Please note that it naturally splits the first dimension of the numpy array, treating it as an iterable over the other dimensions. This is suitable when you have a dataset in a single chunk of Numpy array.

Dataset has helper methods to read directly from a supported format, such as tfrecords:

data = Dataset.read.tfrecord('nsynth-test.tfrecord', keys=['audio', 'pitch'], compression='gzip')

# output:
# {'audio': array([ 3.8138387e-06, -3.8721851e-06,  3.9331076e-06, ...,
#       -3.6526076e-06,  3.7041993e-06, -3.7578957e-06], dtype=float32), 'pitch': array([100], dtype=int64)}

Feeding Data

Before feeding, you might want to create a mini-batch of the samples, which is incredibly easy:

data = Dataset(a=range(10), b=range(10, 20))

# output:
#     {'a': array([0., 1., 2., 3.], dtype=float32), 'b': array([10., 11., 12., 13.], dtype=float32)}
#     {'a': array([4., 5., 6., 7.], dtype=float32), 'b': array([14., 15., 16., 17.], dtype=float32)}

Dataset recognizes whether each item is a dictionary or tuples, and builds a Numpy array with a batch dimension prepended.

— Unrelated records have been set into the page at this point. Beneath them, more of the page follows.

Lemma fD_ge_periodic w psi b n0 m : sqnorm psi = 1 -> inF psi -> (0 < m)%N ->
  (forall k, (n0 <= k)%N -> w k = b) ->
  Num.min (sqmod (inner psi (run w n0)))
          (sqmod (inner psi (iter m (mulmx (U b)) psi))) <= fD A w.
Proof.
move=> psi1 psiF m_gt0 w_b; apply: (@fD_ge w psi (fun i => n0 + m * i)%N) => //.
  by move=> i; rewrite ltn_add2l ltn_pmul2l // ltnSn.
case=> [|i].
  by rewrite muln0 addn0 drun_run ?ge_min ?lexx // => i; apply: leq_addr.
rewrite mulnSr addnA (drun_periodic psi i w_b); last by rewrite m_gt0 /=.
by rewrite ge_min lexx orbT.
Qed.

Lemma lang_gt_splice lam w : 0 <= lam < 1 -> lam < fD A w ->
  exists n0, forall b, lam < fD A (fun t => if (t < n0)%N then w t else b).
Proof.
case/andP=> lam_ge0 lam_lt1; rewrite /fD; set S := [set _ | _] => lt_sup.
have S_neq0 : S !=set0.
  apply/set0P/eqP => S0; move: lt_sup; rewrite S0 sup0; apply/negP.
  by rewrite -leNgt.
have [_ [psi [ns [psi1 psiF ns_incr ->]]] lt_inf] := sup_gt S_neq0 lt_sup.
exists (ns 0%N) => b.
have lt_f0 : lam < sqmod (inner psi (run w (ns 0%N))).
  rewrite -(@drun_run w psi ns); last by move=> i; apply: strict_incr_ge.
  by apply: lt_le_trans lt_inf (inf_range_le _ _) => i; apply: sqmod_ge0.
have [|m m_gt0 le_q] := unitary_recurrence (qa_U_unitary A b) psi1 (delta := (1 - lam) / 2).
  by rewrite divr_gt0 // subr_gt0.
apply: lt_le_trans (fD_ge_periodic (n0 := ns 0%N) psi1 psiF m_gt0 _); last first.
  by move=> k; rewrite ltnNge => ->.
rewrite lt_min (@eq_run _ w); last by move=> t ->.
by rewrite lt_f0 /=; apply: lt_le_trans le_q; lra.
Qed.

End DisturbingRun.

Lemma pos_lower_bound (R : realFieldType) (f : nat -> R) K :
  (forall j, 0 < f j) -> exists2 d, 0 < d & forall j, (j <= K)%N -> d <= f j.
Proof.
move=> f_gt0; elim: K => [|K [d d_gt0 le_d]].
  by exists (f 0%N) => // j; rewrite leqn0 => /eqP ->.
exists (Num.min d (f K.+1)); first by rewrite lt_min d_gt0 f_gt0.
move=> j; rewrite leq_eqVlt ltnS => /orP [/eqP -> | /le_d le_dj].
  by rewrite ge_min lexx orbT.
by rewrite ge_min le_dj.
Qed.

Lemma sum_ord2 (V : nmodType) (F : 'I_2 -> V) : \sum_(i < 2) F i = F ord0 + F ord_max.
Proof. by rewrite big_ord_recl big_ord1; congr (_ + F _); apply: val_inj. Qed.

Lemma ord2P (i : 'I_2) : i = ord0 \/ i = ord_max.
Proof. by case: i => -[|[|//]] ?; [left | right]; apply: val_inj. Qed.

Section RotationAutomaton.
Variable R : realType.
Local Notation C := (complex R).

Definition rot_step (p : R * R) : R * R :=
  (3 / 5 * p.1 - 4 / 5 * p.2, 4 / 5 * p.1 + 3 / 5 * p.2).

If you just need to reconstruct the whole data as a single object after some transformations, there are two methods:

data = Dataset(a=range(10), b=range(10, 20))
data.list()     # returns the list of dicts: [{'a': 0, 'b': 10}, ..., {'a': 9, 'b': 19}]
data.collect()  # returns a dict of Numpy arrays: {'a': array([0, .., 9]), 'b': array([10, ..., 19])}

If the dataset is made infinite, e.g. by calling repeat(), using a generator would be appropriate. Because Dataset is an iterable and generator is a special case of iterator, an iter() call is needed to get a generator that iterates over the items.

data = # a Dataset instance ...
model = # build a Keras model ...
model.fit_generator(iter(data), ...)

Dataset.tensorflow() converts the dataset to a tf.data.Dataset object that can be further plugged into a TensorFlow pipeline:

import numpy as np
import tensorflow as tf
from flazy import Dataset

dataset: tf.data.Dataset = Dataset(feature=np.random.randn(3, 3), label=[1, 2, 3]).tensorflow()

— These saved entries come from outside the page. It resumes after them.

(* Let $\mathcal{X}$ be a finite set, $\pi$ a probability mass function on $\mathcal{X}$ with full support, and fix a group action of $\mathcal{G}$ on $\mathcal{X}$ with associated Gibbs, Metropolis–Hastings and Barker orbit kernels $G$, $M$, $B$. Let $\mathbf{G}=\{P\in\mathcal{S}(\pi):GPG=P\}$, $\mathbf{M}=\{P\in\mathcal{S}(\pi):MPM=P\}$, $\mathbf{B}=\{P\in\mathcal{S}(\pi):BPB=P\}$. If each orbit block of $G$, $M$ and $B$ is aperiodic, then $\mathbf{G}=\mathbf{M}=\mathbf{B}$.
   Context: $\mathcal{S}(\pi)$ is the set of transition matrices $P$ on $\mathcal{X}$ with $\pi P=\pi$. With $\mathcal{O}(x)$ the orbit of $x$: $G(x,y)=\pi(y)/\pi(\mathcal{O}(x))$ for $y\in\mathcal{O}(x)$, else $0$; $M(x,y)=\frac{1}{|\mathcal{O}(x)|-1}\min\{1,\pi(y)/\pi(x)\}$ for $y\in\mathcal{O}(x)\setminus\{x\}$, $0$ off the orbit, $M(x,x)=1-\sum_{y\ne x}M(x,y)$; $B$ is the same with acceptance $\pi(y)/(\pi(x)+\pi(y))$. These kernels are block diagonal with one block per orbit; aperiodicity of a block refers to the Markov chain on that orbit given by the block. *)

From mathcomp Require Import all_boot all_order all_fingroup all_algebra.
Set Implicit Arguments. Unset Strict Implicit. Unset Printing Implicit Defensive.
Import Order.TTheory GRing.Theory Num.Theory.
Local Open Scope ring_scope.

Section Kernels.
Variables (R : realFieldType) (X : finType).

Definition kmul (P Q : X -> X -> R) : X -> X -> R :=
  fun x y => \sum_(z : X) P x z * Q z y.

Definition kid : X -> X -> R := fun x y => (x == y)%:R.

Fixpoint kpow (P : X -> X -> R) (n : nat) : X -> X -> R :=
  if n is m.+1 then kmul (kpow P m) P else kid.

Definition stochastic (P : X -> X -> R) : Prop :=
  (forall x y, 0 <= P x y) /\ (forall x, \sum_(y : X) P x y = 1).

Definition in_S (pi : X -> R) (P : X -> X -> R) : Prop :=
  stochastic P /\ (forall y, \sum_(x : X) pi x * P x y = pi y).

Definition inv_set (pi : X -> R) (K P : X -> X -> R) : Prop :=
  in_S pi P /\ (forall x y, kmul (kmul K P) K x y = P x y).

(* period of x is 1: the gcd of {n > 0 : K^n(x,x) > 0} equals 1 *)
Definition aperiodic_at (K : X -> X -> R) (x : X) : Prop :=
  forall d : nat, (forall n : nat, (0 < n)%N -> 0 < kpow K n x x -> (d %| n)%N) ->
    d = 1%N.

with tf.Session() as sess:
  input_op = dataset.make_one_shot_iterator().get_next()

# outputs:
#     {'feature': array([0.45149828, 0.25305908, 1.47109173]), 'label': 1}
#     {'feature': array([-1.70763778, -1.1286721 ,  0.31254167]), 'label': 2}
#     {'feature': array([0.1586513 , 0.73838646, 1.57444576]), 'label': 3}          

Future Work

A non-exhaustive list of planned work:

  • reader/writers for tfrecords, npz, common image/audio formats, hdf5, etc.
  • more stable multithreading/multiprocessing
  • examples in examples directory
  • documentation website
  • more extensive test suites and coverage measurement